The thing is, these women are not just remarkable for taking their place as the first class of women in CC history. These women are remarkable because they have created a lasting community. They still reach out with open arms to support the Columbia College sisters that came after them.

Within a day after the event, I was receiving emails about grabbing coffee and getting feedback (“How can we continue to support the women of Columbia College?”), and suddenly it was like I stepped into the alley behind the Leaky Cauldron and pressed the right brick.

This is the point where the lesson of the day comes into play:

Honestly, until CCW30 opened my eyes, the place I felt most comfortable as myself, as a woman, was sitting with my friends in Diana, adopting Barnard culture. I didn’t actively seek out “fuckboy” free CC or try to build a place for the women around me; why would I need to? There was one next door.

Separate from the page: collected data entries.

Lemma in_H_l2_bounded s f : in_H s f -> l2_bounded (fun m => Cmod (f m) * Lam s m) (Hnorm s f).
Proof.
  intros (_ & _ & M & HM) L HL.
  assert (Hf : summable_nonneg (fun k => Cmod (f k) ^ 2 * Lam s k ^ 2)).
  { split; [intros; apply Rmult_le_pos; apply pow2_ge_0 | exists M; auto]. }
  unfold Hnorm. rewrite pow2_sqrt by (apply zsumR_nonneg; auto).
  rewrite (lsum_ext _ (fun k => Cmod (f k) ^ 2 * Lam s k ^ 2)) by (intros; apply Rpow_mult_distr).
  apply lsum_le_zsumR; auto.
Qed.

Lemma in_V_l2_bounded s v :
  in_V s v -> l2_bounded (fun j => sqrt (vmod2 (v j)) * Lam s j) (Vnorm s v).
Proof.
  intros (_ & _ & _ & M & HM) L HL.
  assert (vmod2_ge0 : forall u, 0 <= vmod2 u)
    by (intros [[x y] z]; unfold vmod2; pose proof (pow2_ge_0 (Cmod x));
        pose proof (pow2_ge_0 (Cmod y)); pose proof (pow2_ge_0 (Cmod z)); lra).
  assert (Hv : summable_nonneg (fun k => vmod2 (v k) * Lam s k ^ 2)).
  { split; [intros; apply Rmult_le_pos; auto using pow2_ge_0 | exists M; auto]. }
  unfold Vnorm. rewrite pow2_sqrt by (apply zsumR_nonneg; auto).
  rewrite (lsum_ext _ (fun k => vmod2 (v k) * Lam s k ^ 2))
    by (intros; rewrite Rpow_mult_distr, pow2_sqrt; auto).
  apply lsum_le_zsumR; auto.
Qed.

Lemma transport_partial_sums_le alpha p t K v theta phi :
  -2 * alpha - p <= 0 -> 1 <= t -> 0 <= K ->
  (forall k, l2_bounded (fun j => Lam (t - 1) k *
                                  (Lam (-2 * alpha - p) j * Lam (- (t - 1)) (zsub k j))) K) ->
  in_V p v -> in_H t theta -> in_H (t - 1) phi ->
  (forall k N, rsum_cube (fun j => Cmod (conv_term alpha v theta k j)) N
               <= Vnorm p v * Hnorm t theta) /\
  (forall N, rsum_cube (fun k => Cmod (l2_integrand (transport_coef alpha v theta)
                                                    (Lam_apply ((t - 1) + (t - 1)) phi) k)) N
             <= sqrt 2 * K * (Vnorm p v * Hnorm t theta * Hnorm (t - 1) phi)).
Proof.
  intros Hp Ht K_ge0 W_l2 Hv Htheta Hphi.
  destruct weighted_convolution_bounds with (F := conv_term alpha v theta)
    (a := fun j => sqrt (vmod2 (v j)) * Lam p j) (b := fun m => Cmod (theta m) * Lam t m)
    (c := fun k => Cmod (phi k) * Lam (t - 1) k) (w := Lam (t - 1))
    (V := fun k j => Lam (-2 * alpha - p) j * Lam (- (t - 1)) (zsub k j))
    (A := Vnorm p v) (B := Hnorm t theta) (Cn := Hnorm (t - 1) phi) (K := K)
    as [Hconv Hpair].
  all: auto using in_V_l2_bounded, in_H_l2_bounded, Cmod_conv_term_le.
  all: try (intros; apply Lam_mult_le_1; lra).
  all: try (unfold Vnorm, Hnorm; apply sqrt_pos).
  all: intros; try apply Rmult_le_pos; auto using Lam_nonneg, Cmod_ge_0, sqrt_pos.
  split; auto. intros N.
  rewrite rsum_cube_lsum, (lsum_ext _ _ _ (fun k _ => Cmod_l2_integrand_Lam_apply _ _ _ k)).
  apply Hpair.
Qed.

Theorem lemma15 (alpha beta r : R) :
  1 / 2 < beta -> beta < 5 / 4 -> alpha + beta = 5 / 4 ->
  Rmax (2 * beta) (beta + 1) < r ->
  exists C0 : R, 0 < C0 /\
    forall (v : Z3 -> vec3) (theta phi : Z3 -> C),
      in_V (r - 1) v -> in_H (r - beta) theta -> in_H (r - beta - 1) phi ->
      (forall k, abs_summable (conv_term alpha v theta k)) /\
      abs_summable (l2_integrand (transport_coef alpha v theta)
                                 (Lam_apply (2 * r - 2 * beta - 2) phi)) /\
      Cmod (l2_pair (transport_coef alpha v theta)
                    (Lam_apply (2 * r - 2 * beta - 2) phi))
        <= C0 * Vnorm (r - 1) v * Hnorm (r - beta) theta * Hnorm (r - beta - 1) phi.
Proof.
  intros _ beta_lt alpha_beta r_gt.
  pose proof (Rmax_l (2 * beta) (beta + 1)). pose proof (Rmax_r (2 * beta) (beta + 1)).
  destruct (weight_l2_bounded (r - beta - 1) (-2 * alpha - (r - 1))) as (K & K_pos & W_l2);
    [lra.. |].
  exists ((2 * PI) ^ 3 * (sqrt 2 * (sqrt 2 * K))). split.
  { pose proof PI_RGT_0. pose proof (sqrt_lt_R0 2 ltac:(lra)).
    apply Rmult_lt_0_compat; [apply pow_lt; lra|]. repeat apply Rmult_lt_0_compat; lra. }
  intros v theta phi Hv Htheta Hphi.
  replace (2 * r - 2 * beta - 2) with ((r - beta - 1) + (r - beta - 1)) by ring.
  destruct (transport_partial_sums_le alpha (r - 1) (r - beta) K v theta phi)
    as [Hconv Hpair]; auto; try lra.
  split; [intros k; eexists; apply Hconv|].
  split; [eexists; apply Hpair|].
  eapply Rle_trans; [apply Cmod_l2_pair_le, Hpair | right; ring].
Qed.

The 30th anniversary of women in Columbia College has changed that for me. I recognize that I can’t continue to step away from the spot these women opened up for me in Columbia’s halls. I can love the safety of having a haven of strong, independent women down the street (SO: Jennifer Kaplan), but I can also work to maintain the same thing here in CC. More than maintaining that space, I can work to improve it.

The first class of women in Columbia College didn’t stop their efforts just because the doors opened or because there was a precedence that allowed them basic human rights. Deans not slut-shaming them from podiums didn’t mean they would stop before making themselves Deans as well— they kept reaching: they appealed to have time on the sports fields, getting up for 5 a.m. practices when Baker was always already booked, they set up an alumni network that remains active in our lives with events like CCW30, and they brought us to the point where we could fight for things like free tampons and pads (though to be quite honest, I’m still crossing my fingers for Always Infinity to appear [with the wings]).

Right now they’re out in the world fighting for women as well. Lilly Burns (CC’09) of Jax Media produces “Broad City,” revolutionizing the portrayal of women in the media. When was the last time you heard someone on a male-dominated network break the period-talk taboo to do anything but suggest that women are incapable of handling emotions during “their time of the month,” after all? Instead, Lilly Burn’s work is fresh and honest, breaking those unspoken barriers.

 

She is not the only one.

I am including a link below to the Alumni Association’s list of speakers from the CCW30 event in the hope that they help you think about who you want to be, understand what CCW30 was, and understand why this 30th Anniversary is so important.

https://www.college.columbia.edu/alumni/events/ccw30/speakers

Take this summer to think about who you want to be in the coming year, and what doors you want to be remembered for opening.